603. Primary Instruction neglected.—Primary instruction never occupied the attention of Napoleon I. The decree of 1805 contented itself with promising measures intended to assure the recruitment of teachers, especially the creation of one or more normal classes within the colleges and lycées. Moreover, the Grand Master was to encourage and to license the Brethren of the Christian Schools, while supervising their establishments. Finally, the right to establish schools was left to families or to religious corporations, the budget of the Empire containing no item of appropriation for the cause of popular instruction.

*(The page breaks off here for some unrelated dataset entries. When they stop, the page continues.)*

Lemma sum_prim_idem : \sum_i E i = 1%:M.
Proof.
rewrite -(mulVmx eigenrow_mx_unit); apply/matrixP => a b.
rewrite summxE mxE; apply: eq_bigr => i _.
by rewrite prim_idem_factor !mxE big_ord1 !mxE.
Qed.

Lemma sum_prim_idem_mulmx (v : 'cV[K]_n) : \sum_i E i *m v = v.
Proof. by rewrite -mulmx_suml sum_prim_idem mul1mx. Qed.

Lemma prim_idem_mulmx i : E i *m M = t i *: E i.
Proof. by rewrite prim_idem_factor -mulmxA eigenrowP scalemxAr. Qed.

Lemma mulmx_prim_idem i : M *m E i = t i *: E i.
Proof.
have -> : M *m E i = E i *m M by rewrite prim_idem_horner; apply: comm_mx_horner.
exact: prim_idem_mulmx.
Qed.

Lemma prim_idem_mul j i : E j *m E i = (j == i)%:R *: E i.
Proof.
by rewrite {1}prim_idem_horner (horner_mul_eigencols _ (mulmx_prim_idem i)) lagrange_poly_eval.
Qed.

Lemma prim_idem_neq0 i : E i != 0.
Proof.
apply: contraNneq (eigenrow_neq0 i) => Ei0.
by have := eigenrow_prim_idem i i; rewrite eqxx scale1r Ei0 mulmx0 => ->.
Qed.

Lemma prim_idem_shift j c : E j *m (M - c%:M) = (t j - c) *: E j.
Proof. by rewrite mulmxBr prim_idem_mulmx mul_mx_scalar scalerBl. Qed.

Lemma prim_idem_shift_eq0 j c (u : 'cV[K]_n) :
  E j *m ((M - c%:M) *m u) = 0 -> t j != c -> E j *m u = 0.
Proof.
rewrite mulmxA prim_idem_shift -scalemxAl => /eqP; rewrite scaler_eq0 subr_eq0.
by case/orP => [/eqP->|/eqP->//]; rewrite eqxx.
Qed.

(* [E i] has rank one. *)
Lemma mulmx_prim_idem_neq0 i (N : 'M[K]_n) (y : 'cV[K]_n) :
  N *m E i != 0 -> E i *m y != 0 -> N *m (E i *m y) != 0.
Proof.
rewrite !prim_idem_factor -!mulmxA [eigenrow i *m y]mx11_scalar mul_mx_scalar.
rewrite -scalemxAr !scaler_eq0 !negb_or => NE /andP[-> _] /=.
by apply: contraNneq NE => Nc0; rewrite mulmxA Nc0 mul0mx.
Qed.

Lemma prim_idem_fixed_exists i : exists2 x : 'cV[K]_n, E i *m x = x & x != 0.
Proof.
have [j Ej] : exists j : 'I_n, E i *m (delta_mx j 0 : 'cV[K]_n) != 0.
  apply/existsP; apply: contraR (prim_idem_neq0 i) => /existsPn Ecol.
  apply/eqP/matrixP => a b; have := Ecol b.
  by rewrite negbK -colE => /eqP/matrixP/(_ a 0); rewrite !mxE.
by exists (E i *m delta_mx j 0) => //; rewrite mulmxA prim_idem_mul eqxx scale1r.
Qed.

End Eigenbasis.

Section Lines.
Variables (K : fieldType) (n : nat).
Implicit Types (N : 'M[K]_n) (u v : 'cV[K]_n) (U : {vspace 'cV[K]_n}).

Lemma actmE N v : actm N v = N *m v.
Proof. exact: lfunE. Qed.

Lemma vline0 : <[0 : 'cV[K]_n]>%VS = 0%VS.
Proof. by apply/eqP; rewrite -dimv_eq0 dim_vline eqxx. Qed.

Lemma vline_eq u v : u != 0 -> u \in <[v]>%VS -> <[u]>%VS = <[v]>%VS.
Proof.
move=> u0 uv; apply/eqP; rewrite eqEdim -memvE uv /= !dim_vline u0.
exact: leq_b1.
Qed.

Lemma vline_pick U : \dim U = 1%N -> U = <[vpick U]>%VS.
Proof.
move=> U1; apply/eqP; rewrite eq_sym eqEdim -memvE memv_pick /= U1 dim_vline.
by rewrite vpick0 -dimv_eq0 U1.
Qed.

Lemma actm_img_mem N (U U' : {vspace 'cV[K]_n}) u :
  (actm N @: U)%VS = U' -> u \in U -> N *m u \in U'.
Proof. by move=> <- uU; rewrite -actmE; apply: memv_img. Qed.

Lemma actm_img_neq0 N (U U' : {vspace 'cV[K]_n}) : \dim U = 1%N -> \dim U' = 1%N ->
  (actm N @: U)%VS = U' -> exists2 u, u \in U & N *m u != 0.
Proof.
move=> U1 U'1 NU; exists (vpick U); first exact: memv_pick.
move: NU; rewrite {1}(vline_pick U1) limg_line actmE => NU.
by apply/eqP => N0; move: U'1; rewrite -NU N0 vline0 dimv0.
Qed.

End Lines.

Section Reversal.
Variables (K : fieldType) (d : nat).
Local Notation n := d.+1.

Lemma ltnS_rev_ord (i j : 'I_n) : ((rev_ord i).+1 < rev_ord j)%N = (j.+1 < i)%N.
Proof. by rewrite /=; have := ltn_ord i; have := ltn_ord j; lia. Qed.

Lemma eqSS_rev_ord (i j : 'I_n) : ((rev_ord i).+1 == rev_ord j) = (j.+1 == i).
Proof. by rewrite /=; have := ltn_ord i; have := ltn_ord j; lia. Qed.

Lemma rev_ord0 : rev_ord (ord0 : 'I_n) = ord_max.
Proof. by apply: val_inj; rewrite /= subn1. Qed.

Lemma rev_inord_pred (k : 'I_n) :
  (0 < k)%N -> rev_ord (inord k.-1) = inord (rev_ord k).+1 :> 'I_n.
Proof. by move=> k0; apply: val_inj; rewrite /= !inordK /=; have := ltn_ord k; lia. Qed.

Lemma rev_inord_succ (k : 'I_n) :
  (k < d)%N -> rev_ord (inord k.+1) = inord (rev_ord k).-1 :> 'I_n.
Proof. by move=> kd; apply: val_inj; rewrite /= !inordK /=; lia. Qed.

Lemma prim_idem_rev (M : 'M[K]_n) (t : 'I_n -> K) i :
  prim_idem M (fun k => t (rev_ord k)) i = prim_idem M t (rev_ord i).
Proof.
rewrite !prim_idem_horner /lagrange_poly (reindex_inj rev_ord_inj) /=.
congr horner_mx; apply: eq_big => [j|j _]; last by rewrite rev_ordK.
by rewrite -[in LHS](rev_ordK i) (inj_eq rev_ord_inj).
Qed.

Lemma mult_free_rev (M : 'M[K]_n) (t : 'I_n -> K) :
  mult_free M t -> mult_free M (fun k => t (rev_ord k)).
Proof. by case=> t_inj t_eig; split => // i j /t_inj; apply: rev_ord_inj. Qed.

Lemma sumv_rev (U : 'I_n -> {vspace 'cV[K]_n}) :
  (\sum_i U (rev_ord i))%VS = (\sum_i U i)%VS.
Proof. by rewrite [RHS](reindex_inj rev_ord_inj). Qed.

Lemma directv_rev (U : 'I_n -> {vspace 'cV[K]_n}) :
  directv (\sum_i U i)%VS -> directv (\sum_i U (rev_ord i))%VS.
Proof.
move/directv_sum_independent => Uind; apply/directv_sum_independent => u uU u0 i _.
have := Uind (fun j => u (rev_ord j)) _ _ (rev_ord i) isT; rewrite rev_ordK; apply.
  by move=> j _; have := uU (rev_ord j) isT; rewrite rev_ordK.
by rewrite -[RHS]u0 [RHS](reindex_inj rev_ord_inj).
Qed.

End Reversal.

Section Tridiagonal.
Variables (K : fieldType) (d : nat).
Local Notation n := d.+1.
Implicit Types (E : 'I_n -> 'M[K]_n) (Z : 'M[K]_n).

Definition lower_tridiagonal E Z := forall i j : 'I_n,
  ((j.+1 < i)%N -> E i *m Z *m E j = 0) /\ (j.+1 == i -> E i *m Z *m E j != 0).

Definition upper_tridiagonal E Z := forall i j : 'I_n,
  ((i.+1 < j)%N -> E i *m Z *m E j = 0) /\ (i.+1 == j -> E i *m Z *m E j != 0).

Lemma leonard_systemE (A As : 'M[K]_n) E Es :
  leonard_system A As E Es <->
  [/\ lower_tridiagonal Es A, upper_tridiagonal Es A,
      lower_tridiagonal E As & upper_tridiagonal E As].
Proof.
split=> [LS | [lEs uEs lE uE] i j].
  by split=> i j; have [Es0 [Esne [E0 Ene]]] := LS i j;
    split=> ij; rewrite ?(Es0, Esne, E0, Ene) // ij ?orbT.
have [lEs0 lEsne] := lEs i j; have [uEs0 uEsne] := uEs i j.
have [lE0 lEne] := lE i j; have [uE0 uEne] := uE i j.
by do ![split]; case/orP; auto.
Qed.

Lemma upper_tridiagonal_rev E E' Z : (forall i, E' i = E (rev_ord i)) ->
  upper_tridiagonal E' Z <-> lower_tridiagonal E Z.
Proof.
move=> EE'; split=> H i j.
  by have := H (rev_ord i) (rev_ord j); rewrite ltnS_rev_ord eqSS_rev_ord !EE' !rev_ordK.
by have := H (rev_ord i) (rev_ord j); rewrite ltnS_rev_ord eqSS_rev_ord -!EE'.
Qed.

Lemma lower_tridiagonal_rev E E' Z : (forall i, E' i = E (rev_ord i)) ->
  lower_tridiagonal E' Z <-> upper_tridiagonal E Z.
Proof.
move=> EE'; split=> H i j.
  by have := H (rev_ord i) (rev_ord j); rewrite ltnS_rev_ord eqSS_rev_ord !EE' !rev_ordK.
by have := H (rev_ord i) (rev_ord j); rewrite ltnS_rev_ord eqSS_rev_ord -!EE'.
Qed.

Lemma upper_of_lower_tridiagonal E Z :
  (forall a b, E a *m Z *m E b = 0 -> E b *m Z *m E a = 0) ->
  lower_tridiagonal E Z -> upper_tridiagonal E Z.
Proof.
move=> Esym low i j; have [low0 lowne] := low j i.
by split=> [/low0/Esym // | /lowne]; apply/contra_neq/Esym.
Qed.

End Tridiagonal.

Section Flag.
Variables (K : fieldType) (d : nat).
Local Notation n := d.+1.
Variables (X Y : 'M[K]_n) (t s : 'I_n -> K) (U : 'I_n -> {vspace 'cV[K]_n}).
Hypothesis mfX : mult_free X t.
Hypothesis U_direct : directv (\sum_i U i)%VS.
Hypothesis U_full : (\sum_i U i)%VS = fullv.
Hypothesis X_lowers : forall {k : 'I_n} {u}, (0 < k)%N -> u \in U k ->
  (X - (t k)%:M) *m u \in U (inord k.-1).
Hypothesis X_kills0 : forall {u}, u \in U ord0 -> (X - (t ord0)%:M) *m u = 0.
Hypothesis Y_raises : forall {k : 'I_n} {u}, (k < d)%N -> u \in U k ->
  (Y - (s k)%:M) *m u \in U (inord k.+1).
Hypothesis Y_raises_neq0 : forall k : 'I_n, (k < d)%N ->
  exists2 u, u \in U k & (Y - (s k)%:M) *m u != 0.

The Restoration was scarcely more generous towards the instruction of the people. By the ordinance of February 29, 1815, it granted fifty thousand francs as encouragement to the primary schools. Was this derisive liberality any better than complete silence and neglect? A more important measure was the establishment of cantonal committees charged with the supervision of primary schools. These committees were placed, sometimes under the direction of the rector, and at others under the authority of the bishop, at the pleasure of the vicissitudes of politics. Certificates of qualification were delivered to the members of the authorized congregations, on the simple presentation of their letters of permission. We can imagine what a body of teachers could be assured by such a mode of recruitment.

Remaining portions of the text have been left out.